I'm pretty sure its possible, but you need a washer as a spacer if I recall correctly.

Never done one myself, but I might have to try on one of my "bad" clickies.

Maybe check the McGizmo section

Sorry I'm not more help with this one.


----------



## brighterisbetter

A bit OT, but what is it with CPF'ers being late-nighters?  Seems like we're always burning the midnight oil. :candle: I make a post, thinking that I'm the weirdo for staying up late on CPF and not expecting to get a response till the next morning, then low and behold it happens. I love this place.


----------



## DaFABRICATA

brighterisbetter said:


> A bit OT, but what is it with CPF'ers being late-nighters?  Seems like we're always burning the midnight oil. :candle: I make a post, thinking that I'm the weirdo for staying up late on CPF and not expecting to get a response till the next morning, then low and behold it happens. I love this place.


 



*ITS DARK AND WE LIKE FLASHLIGHTS!!!!*

They go hand in hand....


----------



## DHart

The button on my Z41 sticks slightly on each first press, but not thereafter until the next first use. Seems like I need to get in there and do a little r'n'r. I pulled the coil out, but the allen head connector is tight... before I start wrenching on it I thought I'd ask for some dis-assembly, maintenance tips, and re-assembly advice... can anyone help with that? Thank you!


----------



## fritzcat

Nice list -- handy for reference!


----------



## ElectronGuru

etc said:


> Question about Z41 tailcap.
> 
> Anyway, I like the Z41 tailcap but the weird thing is, it has different degrees of pressure that I need to apply to turn it on depending on the body that I use it on. I have several bodies that I tried:
> 
> * Surefire 9P body.
> * Leef 2x18500 body
> * FiveMega 2x18500 body
> 
> The strange thing is the easiest one to activate (meaning push for instant-on) is the FiveMega body.

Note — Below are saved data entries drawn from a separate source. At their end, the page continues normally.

Lemma posdef_orth_le N (E : 'M[R]_(m, N)) (a : 'cV_m) (s : 'cV_N) :
  E^T *m K *m a = 0 -> bform K a a <= bform K (a + E *m s) (a + E *m s).
Proof.
move=> EKa; set b := E *m s.
have ab : bform K b a = 0 by rewrite /bform /b trmx_mul -!mulmxA (mulmxA E^T) EKa !mulmx0 mxE.
have -> : bform K (a + b) (a + b) = bform K a a + bform K a b + bform K b a + bform K b b.
  by rewrite /bform trmxD !mulmxDl !mulmxDr !mxDE addrA.
by rewrite [bform K a b]bformC ab !addr0 lerDl posdef_ge0.
Qed.

End PositiveDefinite.

Section KernelInterpolation.
Variables (R : realFieldType) (m : nat) (K : 'M[R]_m).
Hypothesis K_pd : posdefmx K.
Variables (N : nat) (E : 'M[R]_(m, N)).
Hypothesis E_inj : forall u : 'cV_N, E *m u = 0 -> u = 0.
Let G := E^T *m K *m E.

Let G_pd : posdefmx G. Proof. exact: posdef_congr. Qed.
Let K_sym : K^T = K. Proof. by case: K_pd. Qed.
Let G_sym : G^T = G. Proof. by case: G_pd. Qed.

Lemma kernel_interp_error (x : 'cV_m) (v : 'I_m) (u : 'cV_N) :
  ((x - K *m E *m (invmx G *m (E^T *m x))) v 0) ^+ 2
    <= bform K (delta_mx v 0 - E *m u) (delta_mx v 0 - E *m u) * bform (invmx K) x x.
Proof.
set ev : 'cV_m := delta_mx v 0.
set a := ev - E *m (invmx G *m (E^T *m (K *m ev))).
have err : (x - K *m E *m (invmx G *m (E^T *m x))) v 0 = (a^T *m x) 0 0.
  rewrite -[LHS]delta_trmx_mul trmxB mulmxBr mulmxBl; congr (fun_of_matrix (_ - _) 0 0).
  by rewrite !trmx_mul trmxK trmx_inv G_sym K_sym !mulmxA.
have EKa : E^T *m K *m a = 0.
  by rewrite mulmxBr !mulmxA -/G (mulmxV (posdef_unit G_pd)) mul1mx subrr.
have a_opt : bform K a a <= bform K (ev - E *m u) (ev - E *m u).
  have -> : ev - E *m u = a + E *m (invmx G *m (E^T *m (K *m ev)) - u).
    by rewrite mulmxBr addrA subrK.
  exact: posdef_orth_le.
rewrite err; apply: le_trans (posdef_CauchySchwarz_inv K_pd a x) _.
by rewrite ler_wpM2r ?(posdef_invmx_ge0 K_pd).
Qed.

End KernelInterpolation.

Section EuclideanNorm.
Variable R : realType.

Lemma enorm_ge0 m (z : 'cV[R]_m) : 0 <= enorm z.
Proof. exact: sqrtr_ge0. Qed.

The second easiest is Surefire 9P and the hardest is Leef. FiveMega takes little pressure to active and to hold, while with Leef it takes more pressure and more pressure to hold activated in instant-on mode.
> 
> And it's the same Z41 unit on both. Why is that?

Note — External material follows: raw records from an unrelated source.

Lemma is_derive_sum_n_m (a : nat -> R -> R) (da : nat -> R) t0 n m :
  (forall k, (n <= k <= m)%nat -> is_derive (a k) t0 (da k)) ->
  is_derive (fun t => sum_n_m (fun k => a k t) n m) t0 (sum_n_m da n m).
Proof.
  revert a da; induction m as [|m IH]; intros a da Hd.
  - destruct n as [|n].
    + rewrite sum_n_n; apply (is_derive_ext (a 0%nat)); [|apply Hd; lia].
      intro; rewrite sum_n_n; reflexivity.
    + rewrite sum_n_m_R_empty by lia.
      apply (is_derive_ext (fun _ => 0));
        [|apply (is_derive_const (K := R_AbsRing) (V := R_NormedModule) 0)].
      intro; rewrite sum_n_m_R_empty by lia; reflexivity.
  - destruct (le_lt_dec n (S m)) as [Hn|Hn].
    + rewrite sum_n_m_R_Sm by exact Hn.
      apply (is_derive_ext (fun t => sum_n_m (fun k => a k t) n m + a (S m) t)).
      { intro; symmetry; apply sum_n_m_R_Sm, Hn. }
      apply (is_derive_plus (K := R_AbsRing) (V := R_NormedModule));
        [apply IH; intros; apply Hd | apply Hd]; lia.
    + rewrite sum_n_m_R_empty by lia.
      apply (is_derive_ext (fun _ => 0));
        [|apply (is_derive_const (K := R_AbsRing) (V := R_NormedModule) 0)].
      intro; rewrite sum_n_m_R_empty by lia; reflexivity.
Qed.

Lemma is_derive_min_0 (phi : R -> R) D :
  is_derive phi 0 D -> (forall t, phi 0 <= phi t) -> D = 0.
Proof.
  intros Hd Hmin; apply is_derive_Reals in Hd.
  change D with (derive_pt phi 0 (exist _ D Hd)).
  apply (deriv_minimum phi (-1) 1); [lra | lra | intros; apply Hmin].
Qed.

Lemma fold_right_Rmax_ge (l : list R) x0 v : In v l -> v <= fold_right Rmax x0 l.
Proof.
  induction l as [|a l IH]; simpl; [tauto|]; intros [<-|Hv]; [apply Rmax_l|].
  eapply Rle_trans; [apply IH, Hv | apply Rmax_r].
Qed.

Lemma fold_right_Rmin_le (l : list R) x0 v : In v l -> fold_right Rmin x0 l <= v.
Proof.
  induction l as [|a l IH]; simpl; [tauto|]; intros [<-|Hv]; [apply Rmin_l|].
  eapply Rle_trans; [apply Rmin_r | apply IH, Hv].
Qed.

Lemma maxnorm_ge T w k : (1 <= k <= T)%nat -> Rabs (w k) <= maxnorm T w.
Proof.
  intros Hk; apply fold_right_Rmax_ge, (in_map (fun k => Rabs (w k))), in_seq; lia.
Qed.

Lemma minp_le T p k : (1 <= k <= S T)%nat -> minp T p <= p k.
Proof. intros Hk; apply fold_right_Rmin_le, in_map, in_seq; lia. Qed.

Lemma Un_cv_of_maxnorm T (un : nat -> nat -> R) ubar :
  is_lim_seq (fun n => maxnorm T (fun k => un n k - ubar k)) 0 ->
  forall k, (1 <= k <= T)%nat -> Un_cv (fun n => un n k) (ubar k).
Proof.
  intros Hlim k Hk; apply is_lim_seq_Reals in Hlim; intros e He.
  destruct (Hlim e He) as [N HN]; exists N; intros n Hn.
  specialize (HN n Hn); unfold R_dist in *; rewrite Rminus_0_r in HN.
  eapply Rle_lt_trans; [apply (maxnorm_ge T (fun k => un n k - ubar k) k Hk)|].
  eapply Rle_lt_trans; [apply Rle_abs | exact HN].
Qed.

Lemma normE_cv_0 T (x : nat -> nat -> R) xbar :
  (forall j, (j <= S T)%nat -> Un_cv (fun i => x i j) (xbar j)) ->
  is_lim_seq (fun i => normE T (fun k => x i k - xbar k)) 0.
Proof.
  intros Hcv; apply is_lim_seq_Reals; unfold normE; rewrite <- sqrt_0.
  apply continuity_seq; [apply continuity_pt_sqrt; lra|].
  replace 0 with (sum_n_m (fun _ : nat => 0) 1 T)
    by apply (sum_n_m_const_zero (G := R_AbelianMonoid)).
  apply Un_cv_sum_n_m; intros k Hk; unfold Delta; simpl.
  replace 0 with (0 * (0 * 1)) by ring.
  assert (Hd : Un_cv (fun i => x i (S k) - xbar (S k) - (x i k - xbar k)) 0).
  { replace 0 with ((xbar (S k) - xbar (S k)) - (xbar k - xbar k)) by ring.
    apply CV_minus; apply CV_minus; try apply Un_cv_const; apply Hcv; lia. }
  apply CV_mult; [| apply CV_mult; [| apply Un_cv_const]]; exact Hd.
Qed.

Lemma abs_RInt_le_const_swap (h : R -> R) a b B :
  ex_RInt h a b -> (forall t, Rmin a b <= t <= Rmax a b -> Rabs (h t) <= B) ->
  Rabs (RInt h a b) <= Rabs (b - a) * B.
Proof.
  intros Hex Hb; destruct (Rle_or_lt a b) as [Hab|Hab].
  - rewrite (Rabs_pos_eq (b - a)) by lra; apply abs_RInt_le_const; [lra | exact Hex|].
    intros t Ht; apply Hb; rewrite Rmin_left, Rmax_right; lra.
  - rewrite <- (opp_RInt_swap h b a) by (apply ex_RInt_swap, Hex).
    change (Rabs (- RInt h b a) <= Rabs (b - a) * B).
    rewrite Rabs_Ropp, (Rabs_left (b - a)) by lra; replace (- (b - a)) with (a - b) by ring.
    apply abs_RInt_le_const; [lra | apply ex_RInt_swap, Hex|].
    intros t Ht; apply Hb; rewrite Rmin_right, Rmax_left; lra.
Qed.

Lemma RInt_nonpos (h : R -> R) a b :
  a <= b -> ex_RInt h a b -> (forall t, a < t < b -> h t <= 0) -> RInt h a b <= 0.
Proof.
  intros Hab Hex Hneg.
  apply Ropp_le_cancel; rewrite Ropp_0.
  change (- RInt h a b) with (opp (RInt h a b)); rewrite <- RInt_opp by exact Hex.
  apply RInt_ge_0; [exact Hab | apply (ex_RInt_opp (V := R_NormedModule)), Hex|].
  intros t Ht; specialize (Hneg t Ht); change (0 <= - h t); lra.
Qed.

Section DiscreteProblem.

Variables (T : nat) (M : R) (f : nat -> R -> R -> R).
Hypothesis f_cont : cont_f T M f.

Lemma cont_f_eps_delta k y u :
  (1 <= k <= T)%nat -> -M <= u <= M -> forall eps, 0 < eps ->
  exists del, 0 < del /\ forall a b, Rabs (a - y) < del -> Rabs (b - u) < del ->
    -M <= b <= M -> Rabs (f k a b - f k y u) < eps.
Proof.
  intros Hk Hu eps He.
  destruct (f_cont k Hk y u Hu (ball (f k y u) eps)) as [d Hd].
  { exists (mkposreal eps He); intros z Hz; exact Hz. }
  exists d; split; [apply cond_pos|].
  intros a b Ha Hb HbM; apply (Hd (a, b)); [split; assumption | exact HbM].
Qed.

Lemma cont_f_seq k (a b : nat -> R) y u :
  (1 <= k <= T)%nat -> Un_cv a y -> Un_cv b u ->
  (forall n, -M <= b n <= M) -> -M <= u <= M ->
  Un_cv (fun n => f k (a n) (b n)) (f k y u).
Proof.
  intros Hk Ha Hb HbM Hu e He.
  destruct (cont_f_eps_delta k y u Hk Hu e He) as [d [Hd Hclose]].
  destruct (Ha d Hd) as [N1 H1]; destruct (Hb d Hd) as [N2 H2].
  exists (max N1 N2); intros n Hn; apply Hclose;
    [apply H1; lia | apply H2; lia | apply HbM].
Qed.

Lemma cont_f_section k u :
  (1 <= k <= T)%nat -> -M <= u <= M -> forall t, continuous (fun s => f k s u) t.
Proof.
  intros Hk Hu t P [e He].
  destruct (cont_f_eps_delta k t u Hk Hu e (cond_pos e)) as [d [Hd Hclose]].
  exists (mkposreal d Hd); intros s Hs; apply He, Hclose; [exact Hs | | exact Hu].
  rewrite Rminus_eq_0, Rabs_R0; exact Hd.
Qed.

Based on my experience here, and without seeing them in person, I'd guess you are dealing with a specification difference. The resistance from the switch is in part, the result of pressure exerted by the batteries against the tailcap spring. The farther away the lamp module (either from being not fully seated or simply a longer tube), the less pressure against the spring. Less pressure there = less pressure required to activate the switch.


----------



## ElectronGuru

Here's a view, comparing several Z41's, Z48/49's, and the Z59 in the same image


----------



## Solscud007

Here are some more pics. Since I got my C2 Emerson in HA-BK I took some pics compared to a normal Z41-BK vs Z41- HA-BK

Also I took a pic of my variant colors.


----------



## ElectronGuru

Red?.


----------



## DimeRazorback

6P Patriot


----------



## ElectronGuru

Yup, been that kinda day!


----------



## ctcfirearms

Excuse my ignorance, but does anyone know the model # for this tailcap? It's early 1990's production.


----------



## Size15's

Looks like a Z14. Really old-school smooth rubber switch boot before they switched (sic) to the raised, knurled version (Z31).

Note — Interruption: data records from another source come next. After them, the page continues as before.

Lemma kahan_poisson_numE A (p : 'cV[{mpoly F[n]}]_n) q : q != 0 ->
  (forall i, kahan A i 0 = tofrac (p i 0) / tofrac q) ->
  kahan_poisson A <-> forall i j,
    pbracket_num A (p i 0) (p j 0) q = (A i j)%:MP * p i 0 * p j 0 * q ^+ 2.
Proof.
move=> q0 Kp.
have tq4 : tofrac (q ^+ 4) != 0 :> ratfun F n by rewrite tofrac_eq0 expf_neq0.
have rhsE i j : tofrac (A i j)%:MP * (tofrac (p i 0) / tofrac q) *
                  (tofrac (p j 0) / tofrac q) =
    tofrac ((A i j)%:MP * p i 0 * p j 0 * q ^+ 2) / tofrac (q ^+ 4)
    :> ratfun F n.
  have fieldE (K : fieldType) (a x y d : K) : d != 0 ->
      a * (x / d) * (y / d) = a * x * y * d ^+ 2 / d ^+ 4.
    by move=> d0; field.
  by rewrite !(rmorphM, rmorphXn) /= fieldE ?tofrac_eq0.
rewrite /kahan_poisson; split => KP i j; move: (KP i j);
  rewrite !Kp pbracket_div // rhsE.
- by move/(congr1 (fun z => z * tofrac (q ^+ 4))); rewrite !(divfK tq4) => /eqP;
    rewrite tofrac_eq => /eqP.
- by move=> ->.
Qed.

End PoissonNumerator.

Section KahanCramer.
Variables (F : fieldType) (n : nat) (A : 'M[F]_n).

Local Notation ev0 := (meval (fun _ : 'I_n => 0 : F)).

Definition kahan_diag (i : 'I_n) : {mpoly F[n]} :=
  1 - \sum_(j < n) (A i j)%:MP * 'X_j.

Definition kahan_mx : 'M[{mpoly F[n]}]_n :=
  \matrix_(i, k) ((i == k)%:R * kahan_diag i - 'X_i * (A i k)%:MP).
Lemma prim_root_exists N : (N > 0)%N -> exists z : C, N.-primitive_root z.
Proof.
move=> N_gt0; have [r Dp] := closed_field_poly_normal ('X^N - 1 : {poly C}).
rewrite (monicP _) ?monicXnsubC // scale1r in Dp.
have rN1 : all N.-unity_root r by apply/allP=> z; rewrite -root_prod_XsubC -Dp.
have sz_r : (N < (size r).+1)%N.
  by rewrite -(size_prod_XsubC r id) -Dp size_XnsubC.
have [|z] := hasP (has_prim_root N_gt0 rN1 _ sz_r); last by exists z.
by rewrite -separable_prod_XsubC -Dp separable_Xn_sub_1 // pnatr_eq0 -lt0n.
Qed.

Lemma psum_prim_root_orbit N (z a : C) k : N.-primitive_root z -> (0 < k <= N)%N ->
  psum k [seq a * z ^+ j | j <- iota 0 N] = if k == N then N%:R * a ^+ N else 0.
Proof.
move=> prim_z /andP[k_gt0 le_kN].
rewrite /psum big_map -{1}(subn0 N) -/(index_iota 0 N) big_mkord.
under eq_bigr do rewrite exprMn -exprM mulnC exprM.
rewrite -mulr_sumr; case: eqP => [-> | /eqP ne_kN].
  under eq_bigr do rewrite (prim_expr_order prim_z) expr1n.
  by rewrite sumr_const card_ord mulr_natr mulr_natl.
have zk_neq1 : z ^+ k != 1.
  rewrite -(prim_order_dvd prim_z); apply/negP => /(dvdn_leq k_gt0).
  by rewrite leqNgt ltn_neqAle ne_kN le_kN.
have : (z ^+ k - 1) * \sum_(j < N) (z ^+ k) ^+ j = 0.
  by rewrite -subrX1 -exprM mulnC exprM (prim_expr_order prim_z) expr1n subrr.
by move/eqP; rewrite mulf_eq0 subr_eq0 (negbTE zk_neq1) => /eqP ->; rewrite mulr0.
Qed.

(* Appending the (N+1)-th roots of a suitable constant adjusts [S_(N+1)] and
   leaves the lower power sums unchanged. *)
Lemma psum_surjective N (s : nat -> C) :
  exists X : seq C, forall k, (0 < k <= N)%N -> psum k X = s k.
Proof.
elim: N => [|N [X HX]].
  by exists [::] => k; rewrite andbC leqn0 => /andP[/eqP ->].
have [z prim_z] := prim_root_exists (ltn0Sn N).
pose a := N.+1.-root ((s N.+1 - psum N.+1 X) / N.+1%:R).
exists (X ++ [seq a * z ^+ j | j <- iota 0 N.+1]) => k k_range.
rewrite psum_cat psum_prim_root_orbit //; case: eqP => [-> | /eqP ne_kN].
  rewrite rootCK // mulrC divfK ?pnatr_eq0 //; ring.
by rewrite addr0 HX // (andP k_range).1 -ltnS ltn_neqAle ne_kN (andP k_range).2.
Qed.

That far back in Laser Products/SureFire past is difficult to be definitive - especially when it comes to TailCaps in my experience... 

Al


----------



## ctcfirearms

Thanks for the speedy reply Size15! 

:thumbsup:


----------



## Lolaralph

Does anyone know if a Z59 tailcaps finish will match an early 6P, one with a lexan lens


----------



## Kestrel

Solscud007 said:


>


I just *had* to quote the above pic for it's coolness factor. 

Here's a photo of the interior of my Z41 tailcap from my recently-received C2. I think that the old hex nut variant is really neat. 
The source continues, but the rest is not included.